Data supplied
Section DominantDiagonalEntry.
Variables (R : realType) (n : nat) (A : 'M[R]_n) (c : 'I_n -> R) (k : 'I_n).
Hypothesis A_potential : forall a b, a != b -> A a b = c a - c b.
Hypothesis Akk_ge0 : 0 <= A k k.
Hypothesis Aii_le0 : forall i, i != k -> A i i <= 0.

Lemma diag_le_Akk i : A i i <= A k k.
Proof. by have [->|ik] := eqVneq i k; last exact: le_trans (Aii_le0 ik) _. Qed.

Lemma mp_lambda_dominant_diag : mp_lambda A = A k k.
Proof.
apply: mp_lambda_eq; first by rewrite -(cycle_mean_seq1 A k) mem_cycle_means_seq1.
move=> y /cycle_meansP [s s0 ->].
exact: cycle_mean_potential_le A_potential Akk_ge0 diag_le_Akk s0.
Qed.

Lemma column_dominant i j : A i j + A j k <= A k k + A i k.
Proof.
have [->|ij] := eqVneq i j; first by rewrite lerD2r diag_le_Akk.
have [->|jk] := eqVneq j k; first by rewrite addrC.
rewrite (A_potential ij) (A_potential jk) addrA subrK.
have [->|ik] := eqVneq i k; last by rewrite (A_potential ik) lerDr.
by rewrite subrr; exact: addr_ge0 Akk_ge0 Akk_ge0.
Qed.

Lemma mp_eigen_column (a : R) :
  mp_eigen A (A k k) (fun i => Some (a + A i k)).
Proof.
apply/mp_eigen_realP; split=> [i j|i]; last by exists k; lra.
by rewrite addrCA [A k k + _]addrCA lerD2l column_dominant.
Qed.

Lemma mp_eigen_real_colE (u : 'I_n -> R) :
  mp_eigen A (A k k) (fun i => Some (u i)) -> forall i, u i = u k - A k k + A i k.
Proof.
case/mp_eigen_realP=> ub att i.
have [->|ik] := eqVneq i k; first by rewrite subrK.
have Aik : A i k = c i - c k := A_potential ik.
suff : u i - c i <= u k - c k - A k k by have := ub i k; rewrite Aik; lra.
move: Akk_ge0; rewrite le_eqVlt => /predU1P [Akk0|Akk_gt0].
  have Aki : A k i = c k - c i by rewrite A_potential // eq_sym.
  by have := ub k i; rewrite Aki -Akk0; lra.
have climb j : j != k -> exists2 l, l != j & u l - c l = A k k + (u j - c j).
  (* a_jj < a_kk, so row j attains its maximum off the diagonal *)
  move=> jk; have [l Ajl] := att j; have [lj|lj] := eqVneq l j.
    by have := Aii_le0 jk; move: Ajl; rewrite lj; lra.
  exists l => //; have : A j l = c j - c l by rewrite A_potential // eq_sym.
  by lra.
have [m _ m_max] := @arg_maxP _ _ _ k xpredT (fun j => u j - c j) isT.
have mk : m = k.
  apply/eqP/negPn/negP => mk; have [l _ ul] := climb m mk.
  by have : u l - c l <= u m - c m := m_max l isT; lra.
have [l _ ul] := climb i ik.
have : u l - c l <= u k - c k by rewrite -mk; exact: m_max.
lra.
Qed.

End DominantDiagonalEntry.

Theorem corollary4p20 (R : realType) (n : nat) (A : 'M[R]_n) (k : 'I_n) :
  (2 <= n)%N ->
  pseudo_diagonalizable A ->
  0 <= A k k ->
  (forall i : 'I_n, i != k -> A i i <= 0) ->
  mp_lambda A = A k k /\
  (forall x : 'I_n -> option R,
     mp_in_eigenspace A x <->
     exists alpha : option R, x = mp_scale alpha (fun i => Some (A i k))).
Proof.
move=> _ /pseudo_diagonalizable_potential [c Apot] Akk_ge0 Aii_le0.
have lambdaE := mp_lambda_dominant_diag Apot Akk_ge0 Aii_le0.
split=> // x; rewrite /mp_in_eigenspace lambdaE; split=> [eig|].
  have [xE|[u xE]] := mp_eigen_eps_or_real eig; subst x; first by exists None.
  exists (Some (u k - A k k)); apply: functional_extensionality => i.
  by rewrite /mp_scale /= -(mp_eigen_real_colE Apot Akk_ge0 Aii_le0 eig).
case=> [[a|] ->]; first exact: (mp_eigen_column Apot Akk_ge0 Aii_le0 a).
exact: mp_eigen_eps.
Qed.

Task requirements
From the line containing "Proof. by have" down to the line containing "have [->|ij] := eqVneq" in the material above, reproduce every line exactly, including the two end lines.

Exercise result
Proof. by have [->|ik] := eqVneq i k; last exact: le_trans (Aii_le0 ik) _. Qed.

Lemma mp_lambda_dominant_diag : mp_lambda A = A k k.
Proof.
apply: mp_lambda_eq; first by rewrite -(cycle_mean_seq1 A k) mem_cycle_means_seq1.
move=> y /cycle_meansP [s s0 ->].
exact: cycle_mean_potential_le A_potential Akk_ge0 diag_le_Akk s0.
Qed.

Lemma column_dominant i j : A i j + A j k <= A k k + A i k.
Proof.
have [->|ij] := eqVneq i j; first by rewrite lerD2r diag_le_Akk.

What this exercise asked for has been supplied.